(* Let $O_1(\mathbf v,d)=HC_F(\mathbf v,d)\setminus(\hat\ell_1\cup\hat\ell_2\cup\hat\ell_4)$. Then the closure of $\alpha(O_1(\mathbf v,d))$ in $\mathbb{C}P^2$ is contained in $V(\mathbf v,d)$, and $\alpha$ restricts to a rational map $\alpha:HC_F(\mathbf v,d)\dashrightarrow V(\mathbf v,d)$.
   Context: On $\mathbb{C}P^4$ use homogeneous coordinates $[w_0,w_1,w_2,w_3,x_1]$; let $Y$ be the surface $w_0w_3-w_1w_2=0$, $x_1^2+w_0w_3=0$. For parameters $[\mathbf v,d]=[v_{11},v_{12},v_{21},v_{22},d]\in\mathbb{C}P^4$ (complex, not all zero) set $a_1=v_{11}-v_{21}-d$, $a_2=-v_{11}-v_{21}+d$, $a_3=v_{11}+v_{21}+d$, $a_4=-v_{11}+v_{21}-d$, and let $HC_F(\mathbf v,d)$ be the set of points of $Y$ satisfying $2\big(v_{22}(w_3-w_0)-v_{12}(w_2-w_1)\big)x_1+a_1w_0w_1+a_2w_0w_2+a_3w_1w_3+a_4w_2w_3=0$. The lines $\hat\ell_1=\{[w_0,w_1,0,0,0]\}$, $\hat\ell_2=\{[w_0,0,w_2,0,0]\}$, $\hat\ell_4=\{[0,w_1,0,w_3,0]\}$ lie on $Y$. Define the rational map $\alpha:Y\dashrightarrow\mathbb{C}P^2$, $\alpha([w_0,w_1,w_2,w_3,x_1])=[w_3x_1,w_2x_1,w_2w_3]$ (defined where these three are not all zero). On $\mathbb{C}P^2$ with coordinates $[u_0,u_1,u_2]$ let $V(\mathbf v,d)$ be the plane quartic curve $P=0$, where $P=a_4u_2^4+2(v_{22}u_0-v_{12}u_1)u_2^3-(a_3u_0^2+a_2u_1^2)u_2^2+2u_0u_1(v_{22}u_1-v_{12}u_0)u_2+a_1u_0^2u_1^2$. *)

(* The complex numbers are modelled as R[i] = complex R for
   an arbitrary R : realType (so C is the usual field of complex numbers when
   R is the real line).  Projective points are handled through homogeneous
   coordinates: a point of CP^n is represented by a nonzero coordinate vector,
   and all conditions below are homogeneous, hence independent of the chosen
   representative. *)
From mathcomp Require Import all_boot all_algebra.
From mathcomp Require Import reals complex.
From mathcomp Require Import mpoly.

Set Implicit Arguments.
Unset Strict Implicit.
Unset Printing Implicit Defensive.

Import GRing.Theory.
Local Open Scope ring_scope.

Section Defs.
Variable C : fieldType.

Definition a1 (v11 v21 d : C) := v11 - v21 - d.
Definition a2 (v11 v21 d : C) := - v11 - v21 + d.
Definition a3 (v11 v21 d : C) := v11 + v21 + d.
Definition a4 (v11 v21 d : C) := - v11 + v21 - d.

Definition nonzero5 (w0 w1 w2 w3 x1 : C) :=
  ~ (w0 = 0 /\ w1 = 0 /\ w2 = 0 /\ w3 = 0 /\ x1 = 0).

Definition onY (w0 w1 w2 w3 x1 : C) :=
  nonzero5 w0 w1 w2 w3 x1 /\
  w0 * w3 - w1 * w2 = 0 /\ x1 ^+ 2 + w0 * w3 = 0.

Definition onHCF (v11 v12 v21 v22 d : C) (w0 w1 w2 w3 x1 : C) :=
  onY w0 w1 w2 w3 x1 /\
  2%:R * (v22 * (w3 - w0) - v12 * (w2 - w1)) * x1
    + a1 v11 v21 d * w0 * w1 + a2 v11 v21 d * w0 * w2
    + a3 v11 v21 d * w1 * w3 + a4 v11 v21 d * w2 * w3 = 0.

Definition on_l1 (w0 w1 w2 w3 x1 : C) := w2 = 0 /\ w3 = 0 /\ x1 = 0.
Definition on_l2 (w0 w1 w2 w3 x1 : C) := w1 = 0 /\ w3 = 0 /\ x1 = 0.
Definition on_l4 (w0 w1 w2 w3 x1 : C) := w0 = 0 /\ w2 = 0 /\ x1 = 0.

Definition onO1 (v11 v12 v21 v22 d : C) (w0 w1 w2 w3 x1 : C) :=
  onHCF v11 v12 v21 v22 d w0 w1 w2 w3 x1 /\
  ~ on_l1 w0 w1 w2 w3 x1 /\ ~ on_l2 w0 w1 w2 w3 x1 /\ ~ on_l4 w0 w1 w2 w3 x1.

Definition mk3 (a b c : C) : 'I_3 -> C := fun i => nth 0 [:: a; b; c] i.
Definition nonzero3 (u : 'I_3 -> C) := exists i, u i <> 0.
Definition proj_eq3 (u u' : 'I_3 -> C) := exists2 l : C, l <> 0 & forall i, u i = l * u' i.

Definition alpha (w0 w1 w2 w3 x1 : C) : 'I_3 -> C :=
  mk3 (w3 * x1) (w2 * x1) (w2 * w3).
Definition alpha_defined (w0 w1 w2 w3 x1 : C) :=
  nonzero3 (alpha w0 w1 w2 w3 x1).

Definition alpha_O1 (v11 v12 v21 v22 d : C) (u : 'I_3 -> C) :=
  nonzero3 u /\
  exists w0 w1 w2 w3 x1, onO1 v11 v12 v21 v22 d w0 w1 w2 w3 x1 /\
    alpha_defined w0 w1 w2 w3 x1 /\ proj_eq3 u (alpha w0 w1 w2 w3 x1).

(* (Zariski) closure in CP^2 of a set S of points: the common zero locus of
   all homogeneous polynomials vanishing on S *)
Definition closure_P2 (S : ('I_3 -> C) -> Prop) (u : 'I_3 -> C) :=
  nonzero3 u /\
  forall (n : nat) (f : {mpoly C[3]}), f \is n.-homog ->
    (forall s, S s -> f.@[s] = 0) -> f.@[u] = 0.

Definition Pquartic (v11 v12 v21 v22 d : C) (u : 'I_3 -> C) : C :=
  let u0 := u ord0 in let u1 := u (lift ord0 ord0) in let u2 := u ord_max in
  a4 v11 v21 d * u2 ^+ 4 + 2%:R * (v22 * u0 - v12 * u1) * u2 ^+ 3
  - (a3 v11 v21 d * u0 ^+ 2 + a2 v11 v21 d * u1 ^+ 2) * u2 ^+ 2
  + 2%:R * u0 * u1 * (v22 * u1 - v12 * u0) * u2
  + a1 v11 v21 d * u0 ^+ 2 * u1 ^+ 2.

Definition onV (v11 v12 v21 v22 d : C) (u : 'I_3 -> C) :=
  nonzero3 u /\ Pquartic v11 v12 v21 v22 d u = 0.

End Defs.

(* The pull-back of the quartic P along alpha lies in the ideal generated by
   the three equations cutting out HC_F(v,d) (an explicit polynomial identity),
   so alpha maps every point of HC_F(v,d) where it is defined into V(v,d).
   Since V(v,d) is the zero locus of a homogeneous polynomial, it is Zariski
   closed and therefore contains the closure of alpha(O_1(v,d)). *)
From Pilot Require Import Defs.
From mathcomp Require Import all_boot all_algebra.
From mathcomp Require Import reals complex.
From mathcomp Require Import mpoly.
From mathcomp Require Import ring.

Set Implicit Arguments.
Unset Strict Implicit.
Unset Printing Implicit Defensive.

Import GRing.Theory.
Local Open Scope ring_scope.

Section QuarticCurve.
Variable C : fieldType.
Variables v11 v12 v21 v22 d : C.

Local Notation a1 := (a1 v11 v21 d).
Local Notation a2 := (a2 v11 v21 d).
Local Notation a3 := (a3 v11 v21 d).
Local Notation a4 := (a4 v11 v21 d).
Local Notation P := (Pquartic v11 v12 v21 v22 d).

Definition HCF_form (w0 w1 w2 w3 x1 : C) : C :=
  2%:R * (v22 * (w3 - w0) - v12 * (w2 - w1)) * x1
  + a1 * w0 * w1 + a2 * w0 * w2 + a3 * w1 * w3 + a4 * w2 * w3.

Lemma Pquartic_scale (u u' : 'I_3 -> C) (l : C) :
  (forall i, u i = l * u' i) -> P u = l ^+ 4 * P u'.
Proof. by move=> uE; rewrite /Pquartic !uE; ring. Qed.

Lemma Pquartic_alpha_in_ideal (w0 w1 w2 w3 x1 : C) :
  exists c1 c2 c3 : C,
    P (alpha w0 w1 w2 w3 x1) =
      c1 * (w0 * w3 - w1 * w2) + c2 * (x1 ^+ 2 + w0 * w3)
      + c3 * HCF_form w0 w1 w2 w3 x1.
Proof.
exists (w2 ^+ 2 * w3 ^+ 3 * (a1 * w0 + a3 * w3 + 2%:R * v12 * x1)).
exists (w2 ^+ 2 * w3 ^+ 2 * (2%:R * x1 * (v22 * w2 - v12 * w3)
          + a1 * (x1 ^+ 2 - w0 * w3) - a3 * w3 ^+ 2 - a2 * w2 ^+ 2)).
exists (w2 ^+ 3 * w3 ^+ 3).
by rewrite /Pquartic /alpha /mk3 /HCF_form /Defs.a1 /Defs.a2 /Defs.a3 /Defs.a4 /=; ring.
Qed.

Lemma Pquartic_alpha_onHCF (w0 w1 w2 w3 x1 : C) :
  onHCF v11 v12 v21 v22 d w0 w1 w2 w3 x1 -> P (alpha w0 w1 w2 w3 x1) = 0.
Proof.
case=> [[_ [Y1 Y2]] HCF].
have [c1 [c2 [c3 ->]]] := Pquartic_alpha_in_ideal w0 w1 w2 w3 x1.
by rewrite Y1 Y2 [HCF_form _ _ _ _ _]HCF !mulr0 !addr0.
Qed.

Lemma alpha_O1_onV (u : 'I_3 -> C) :
  alpha_O1 v11 v12 v21 v22 d u -> onV v11 v12 v21 v22 d u.
Proof.
case=> nz_u [w0 [w1 [w2 [w3 [x1 [[HCF _] [_ [l _ uE]]]]]]]].
split=> //.
by rewrite (Pquartic_scale uE) (Pquartic_alpha_onHCF HCF) mulr0.
Qed.

Definition mono3 (k0 k1 k2 : nat) : {mpoly C[3]} :=
  'X_ord0 ^+ k0 * 'X_(lift ord0 ord0) ^+ k1 * 'X_ord_max ^+ k2.

Lemma mono3_homog (k0 k1 k2 k : nat) :
  (k0 + k1 + k2)%N = k -> mono3 k0 k1 k2 \is k.-homog.
Proof.
have X_homog (i : 'I_3) : ('X_i : {mpoly C[3]}) \is 1.-homog.
  by rewrite dhomogX; apply/eqP; exact: mdeg1.
have Xn_homog (i : 'I_3) e : ('X_i ^+ e : {mpoly C[3]}) \is e.-homog.
  by have := dhomogMn e (X_homog i); rewrite mul1n.
by move=> <-; apply/dhomogM/Xn_homog/dhomogM/Xn_homog/Xn_homog.
Qed.

Lemma meval_mono3 (u : 'I_3 -> C) (k0 k1 k2 : nat) :
  (mono3 k0 k1 k2).@[u] = u ord0 ^+ k0 * u (lift ord0 ord0) ^+ k1 * u ord_max ^+ k2.
Proof. by rewrite /mono3 !mevalM !rmorphXn /= !mevalXU. Qed.

Definition Pquartic_mpoly : {mpoly C[3]} :=
  a4 *: mono3 0 0 4 + (2%:R * v22) *: mono3 1 0 3 - (2%:R * v12) *: mono3 0 1 3
  - a3 *: mono3 2 0 2 - a2 *: mono3 0 2 2
  + (2%:R * v22) *: mono3 1 2 1 - (2%:R * v12) *: mono3 2 1 1
  + a1 *: mono3 2 2 0.

Lemma Pquartic_mpoly_homog : Pquartic_mpoly \is 4.-homog.
Proof. by rewrite !(rpredD, rpredB, rpredN, rpredZ) ?mono3_homog. Qed.

Lemma meval_Pquartic_mpoly (u : 'I_3 -> C) : Pquartic_mpoly.@[u] = P u.
Proof.
by rewrite /Pquartic_mpoly !(mevalD, mevalN, mevalZ, meval_mono3) /Pquartic; ring.
Qed.

Lemma closure_P2_onV (S : ('I_3 -> C) -> Prop) (u : 'I_3 -> C) :
  (forall s, S s -> onV v11 v12 v21 v22 d s) ->
  closure_P2 S u -> onV v11 v12 v21 v22 d u.
Proof.
move=> S_V [nz_u closed_u]; split=> //.
rewrite -meval_Pquartic_mpoly (closed_u 4 _ Pquartic_mpoly_homog) // => s Ss.
by rewrite meval_Pquartic_mpoly; case: (S_V s Ss).
Qed.

End QuarticCurve.

Theorem lemma6p2 (R : realType) (v11 v12 v21 v22 d : R[i]) :
  nonzero5 v11 v12 v21 v22 d ->
  (forall u : 'I_3 -> R[i],
     closure_P2 (alpha_O1 v11 v12 v21 v22 d) u -> onV v11 v12 v21 v22 d u) /\
  (forall w0 w1 w2 w3 x1 : R[i],
     onHCF v11 v12 v21 v22 d w0 w1 w2 w3 x1 ->
     alpha_defined w0 w1 w2 w3 x1 ->
     onV v11 v12 v21 v22 d (alpha w0 w1 w2 w3 x1)).
Proof.
move=> _; split=> [u|w0 w1 w2 w3 x1 HCF alpha_def].
  exact/closure_P2_onV/alpha_O1_onV.
by split; [exact: alpha_def | exact: Pquartic_alpha_onHCF].
Qed.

════════════════════

### Exercise instructions:
Check every line of the entries above, and copy those that carry the string "homogeneous".

### Reply to the task:
   Context: On $\mathbb{C}P^4$ use homogeneous coordinates $[w_0,w_1,w_2,w_3,x_1]$; let $Y$ be the surface $w_0w_3-w_1w_2=0$, $x_1^2+w_0w_3=0$. For parameters $[\mathbf v,d]=[v_{11},v_{12},v_{21},v_{22},d]\in\mathbb{C}P^4$ (complex, not all zero) set $a_1=v_{11}-v_{21}-d$, $a_2=-v_{11}-v_{21}+d$, $a_3=v_{11}+v_{21}+d$, $a_4=-v_{11}+v_{21}-d$, and let $HC_F(\mathbf v,d)$ be the set of points of $Y$ satisfying $2\big(v_{22}(w_3-w_0)-v_{12}(w_2-w_1)\big)x_1+a_1w_0w_1+a_2w_0w_2+a_3w_1w_3+a_4w_2w_3=0$. The lines $\hat\ell_1=\{[w_0,w_1,0,0,0]\}$, $\hat\ell_2=\{[w_0,0,w_2,0,0]\}$, $\hat\ell_4=\{[0,w_1,0,w_3,0]\}$ lie on $Y$. Define the rational map $\alpha:Y\dashrightarrow\mathbb{C}P^2$, $\alpha([w_0,w_1,w_2,w_3,x_1])=[w_3x_1,w_2x_1,w_2w_3]$ (defined where these three are not all zero). On $\mathbb{C}P^2$ with coordinates $[u_0,u_1,u_2]$ let $V(\mathbf v,d)$ be the plane quartic curve $P=0$, where $P=a_4u_2^4+2(v_{22}u_0-v_{12}u_1)u_2^3-(a_3u_0^2+a_2u_1^2)u_2^2+2u_0u_1(v_{22}u_1-v_{12}u_0)u_2+a_1u_0^2u_1^2$. *)
   R is the real line).  Projective points are handled through homogeneous
   and all conditions below are homogeneous, hence independent of the chosen
   all homogeneous polynomials vanishing on S *)
   Since V(v,d) is the zero locus of a homogeneous polynomial, it is Zariski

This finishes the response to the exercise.